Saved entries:
----

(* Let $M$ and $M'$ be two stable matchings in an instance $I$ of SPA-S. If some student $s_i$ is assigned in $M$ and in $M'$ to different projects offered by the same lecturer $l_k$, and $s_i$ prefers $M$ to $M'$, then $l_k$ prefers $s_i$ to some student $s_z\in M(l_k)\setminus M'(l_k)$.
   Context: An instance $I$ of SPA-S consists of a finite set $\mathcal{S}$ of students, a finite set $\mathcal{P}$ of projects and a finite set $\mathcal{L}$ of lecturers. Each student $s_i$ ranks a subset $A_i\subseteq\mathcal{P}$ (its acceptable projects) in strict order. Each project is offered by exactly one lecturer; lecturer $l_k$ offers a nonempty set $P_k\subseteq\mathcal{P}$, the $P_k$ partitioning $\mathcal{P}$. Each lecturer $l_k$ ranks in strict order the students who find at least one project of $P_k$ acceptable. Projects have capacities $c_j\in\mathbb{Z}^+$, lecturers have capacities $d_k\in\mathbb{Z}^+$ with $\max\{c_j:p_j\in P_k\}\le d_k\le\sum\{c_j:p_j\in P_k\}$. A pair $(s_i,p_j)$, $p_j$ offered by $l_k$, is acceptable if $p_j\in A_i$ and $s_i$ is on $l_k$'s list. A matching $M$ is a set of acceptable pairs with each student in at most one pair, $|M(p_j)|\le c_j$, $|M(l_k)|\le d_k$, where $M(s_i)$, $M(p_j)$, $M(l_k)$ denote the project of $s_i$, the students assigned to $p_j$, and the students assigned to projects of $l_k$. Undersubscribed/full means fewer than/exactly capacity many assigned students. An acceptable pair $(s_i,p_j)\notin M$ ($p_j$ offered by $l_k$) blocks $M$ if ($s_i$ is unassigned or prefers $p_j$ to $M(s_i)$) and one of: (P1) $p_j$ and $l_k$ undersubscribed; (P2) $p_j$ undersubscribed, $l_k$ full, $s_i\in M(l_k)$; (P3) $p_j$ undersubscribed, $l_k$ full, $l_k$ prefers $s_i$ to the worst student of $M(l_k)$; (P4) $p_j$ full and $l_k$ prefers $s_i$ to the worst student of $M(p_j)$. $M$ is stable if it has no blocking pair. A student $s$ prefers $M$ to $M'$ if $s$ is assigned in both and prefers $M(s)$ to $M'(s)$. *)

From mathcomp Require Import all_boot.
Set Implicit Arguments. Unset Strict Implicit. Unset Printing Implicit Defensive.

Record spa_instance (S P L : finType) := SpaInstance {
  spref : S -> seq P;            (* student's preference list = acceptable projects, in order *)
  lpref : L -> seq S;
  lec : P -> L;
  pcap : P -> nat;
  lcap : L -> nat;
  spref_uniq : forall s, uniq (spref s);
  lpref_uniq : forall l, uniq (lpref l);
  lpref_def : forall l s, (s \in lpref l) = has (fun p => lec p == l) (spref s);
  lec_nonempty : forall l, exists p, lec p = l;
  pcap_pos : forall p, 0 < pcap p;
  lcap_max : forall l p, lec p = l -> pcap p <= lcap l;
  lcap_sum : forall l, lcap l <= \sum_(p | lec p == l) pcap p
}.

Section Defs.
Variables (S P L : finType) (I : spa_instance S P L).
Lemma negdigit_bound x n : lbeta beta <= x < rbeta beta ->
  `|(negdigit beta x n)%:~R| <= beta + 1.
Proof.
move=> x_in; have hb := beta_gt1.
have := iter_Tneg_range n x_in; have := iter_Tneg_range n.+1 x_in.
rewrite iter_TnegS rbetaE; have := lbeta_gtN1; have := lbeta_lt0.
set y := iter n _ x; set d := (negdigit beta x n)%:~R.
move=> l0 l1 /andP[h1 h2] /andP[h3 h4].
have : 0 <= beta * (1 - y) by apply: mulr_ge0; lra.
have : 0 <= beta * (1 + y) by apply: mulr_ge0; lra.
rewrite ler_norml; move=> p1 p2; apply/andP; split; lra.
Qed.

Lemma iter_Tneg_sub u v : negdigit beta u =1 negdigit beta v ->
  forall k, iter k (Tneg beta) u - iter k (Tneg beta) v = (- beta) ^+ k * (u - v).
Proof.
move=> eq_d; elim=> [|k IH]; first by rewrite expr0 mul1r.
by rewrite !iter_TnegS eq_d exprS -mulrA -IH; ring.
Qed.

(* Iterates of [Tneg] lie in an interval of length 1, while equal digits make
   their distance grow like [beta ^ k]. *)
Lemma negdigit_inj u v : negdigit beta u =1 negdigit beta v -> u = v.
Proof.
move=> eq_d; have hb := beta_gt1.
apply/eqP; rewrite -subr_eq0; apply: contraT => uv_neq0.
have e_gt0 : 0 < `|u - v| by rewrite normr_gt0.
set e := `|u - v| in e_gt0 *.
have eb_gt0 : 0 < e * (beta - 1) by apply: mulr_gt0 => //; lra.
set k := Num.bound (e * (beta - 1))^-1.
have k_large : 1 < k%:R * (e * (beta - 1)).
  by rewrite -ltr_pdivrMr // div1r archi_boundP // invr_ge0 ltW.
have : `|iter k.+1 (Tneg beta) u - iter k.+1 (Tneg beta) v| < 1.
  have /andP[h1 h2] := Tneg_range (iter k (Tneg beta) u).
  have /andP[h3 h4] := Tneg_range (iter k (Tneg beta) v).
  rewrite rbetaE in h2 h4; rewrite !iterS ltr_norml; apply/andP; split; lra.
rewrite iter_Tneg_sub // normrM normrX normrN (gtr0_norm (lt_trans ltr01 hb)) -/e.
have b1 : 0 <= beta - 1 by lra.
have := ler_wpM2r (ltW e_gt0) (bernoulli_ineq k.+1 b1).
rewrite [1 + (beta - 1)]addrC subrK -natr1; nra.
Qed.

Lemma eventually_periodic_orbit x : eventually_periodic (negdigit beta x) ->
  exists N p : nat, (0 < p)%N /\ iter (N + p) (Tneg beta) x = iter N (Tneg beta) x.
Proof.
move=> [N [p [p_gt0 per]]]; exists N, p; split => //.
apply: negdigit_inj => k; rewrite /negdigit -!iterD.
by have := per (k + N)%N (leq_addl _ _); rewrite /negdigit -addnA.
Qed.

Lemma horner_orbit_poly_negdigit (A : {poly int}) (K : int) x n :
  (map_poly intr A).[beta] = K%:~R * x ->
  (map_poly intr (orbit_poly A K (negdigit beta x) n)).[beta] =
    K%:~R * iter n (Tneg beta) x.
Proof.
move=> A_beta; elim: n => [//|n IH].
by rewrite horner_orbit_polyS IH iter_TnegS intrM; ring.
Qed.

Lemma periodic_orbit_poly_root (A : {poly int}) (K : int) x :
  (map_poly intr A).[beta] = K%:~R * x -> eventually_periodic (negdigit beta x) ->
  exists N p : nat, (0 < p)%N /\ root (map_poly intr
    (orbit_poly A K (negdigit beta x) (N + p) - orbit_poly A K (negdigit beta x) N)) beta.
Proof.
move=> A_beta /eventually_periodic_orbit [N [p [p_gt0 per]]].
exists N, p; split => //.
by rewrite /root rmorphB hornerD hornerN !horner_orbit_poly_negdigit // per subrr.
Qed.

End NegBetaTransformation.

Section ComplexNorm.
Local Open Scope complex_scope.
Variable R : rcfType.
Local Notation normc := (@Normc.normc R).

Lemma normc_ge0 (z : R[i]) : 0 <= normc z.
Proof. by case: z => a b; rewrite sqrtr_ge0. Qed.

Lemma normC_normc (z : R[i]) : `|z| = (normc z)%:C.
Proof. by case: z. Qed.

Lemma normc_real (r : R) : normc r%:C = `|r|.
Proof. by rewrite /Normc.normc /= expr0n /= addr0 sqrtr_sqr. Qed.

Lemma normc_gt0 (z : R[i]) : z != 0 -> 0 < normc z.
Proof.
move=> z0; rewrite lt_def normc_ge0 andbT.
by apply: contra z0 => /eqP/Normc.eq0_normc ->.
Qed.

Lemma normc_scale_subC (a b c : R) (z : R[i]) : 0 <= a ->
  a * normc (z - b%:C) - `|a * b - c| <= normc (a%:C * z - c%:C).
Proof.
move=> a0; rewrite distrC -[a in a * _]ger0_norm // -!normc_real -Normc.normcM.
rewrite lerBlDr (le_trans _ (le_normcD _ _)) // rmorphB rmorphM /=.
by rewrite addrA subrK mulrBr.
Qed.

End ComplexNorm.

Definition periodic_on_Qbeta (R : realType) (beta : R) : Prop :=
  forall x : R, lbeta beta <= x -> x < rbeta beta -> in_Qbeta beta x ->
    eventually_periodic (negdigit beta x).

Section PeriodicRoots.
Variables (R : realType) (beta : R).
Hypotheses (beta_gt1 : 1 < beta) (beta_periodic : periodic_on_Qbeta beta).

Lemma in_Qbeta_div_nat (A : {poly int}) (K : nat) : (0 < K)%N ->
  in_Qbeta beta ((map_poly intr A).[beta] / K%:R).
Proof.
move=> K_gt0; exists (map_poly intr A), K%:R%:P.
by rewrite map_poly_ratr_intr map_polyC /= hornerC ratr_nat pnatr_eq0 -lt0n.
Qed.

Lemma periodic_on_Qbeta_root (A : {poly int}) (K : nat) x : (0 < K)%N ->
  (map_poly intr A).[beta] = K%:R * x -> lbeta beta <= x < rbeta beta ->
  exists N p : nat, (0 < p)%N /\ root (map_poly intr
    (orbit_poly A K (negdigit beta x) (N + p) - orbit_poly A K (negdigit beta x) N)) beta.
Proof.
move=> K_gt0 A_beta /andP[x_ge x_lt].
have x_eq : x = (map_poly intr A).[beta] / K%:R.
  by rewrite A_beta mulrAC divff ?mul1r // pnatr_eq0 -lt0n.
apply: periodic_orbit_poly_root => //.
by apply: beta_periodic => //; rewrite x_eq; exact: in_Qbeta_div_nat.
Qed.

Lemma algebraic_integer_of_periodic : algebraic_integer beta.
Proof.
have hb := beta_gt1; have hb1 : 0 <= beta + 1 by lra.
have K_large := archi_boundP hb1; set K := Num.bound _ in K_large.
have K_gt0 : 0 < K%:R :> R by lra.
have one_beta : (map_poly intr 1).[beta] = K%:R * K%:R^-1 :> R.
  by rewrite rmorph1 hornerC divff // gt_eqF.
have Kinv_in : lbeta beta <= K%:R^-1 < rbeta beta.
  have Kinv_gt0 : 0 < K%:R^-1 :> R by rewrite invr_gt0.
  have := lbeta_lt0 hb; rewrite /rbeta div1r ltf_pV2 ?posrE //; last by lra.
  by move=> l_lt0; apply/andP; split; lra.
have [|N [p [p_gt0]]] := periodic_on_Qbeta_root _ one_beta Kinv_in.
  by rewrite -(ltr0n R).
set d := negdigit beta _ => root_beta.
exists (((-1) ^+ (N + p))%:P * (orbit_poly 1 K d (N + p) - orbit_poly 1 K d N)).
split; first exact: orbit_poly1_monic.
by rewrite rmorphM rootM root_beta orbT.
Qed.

----

**Task objective**
Only the lines containing "ComplexNorm" are needed; copy each of them from the data.

**Solution for this problem**
Section ComplexNorm.
End ComplexNorm.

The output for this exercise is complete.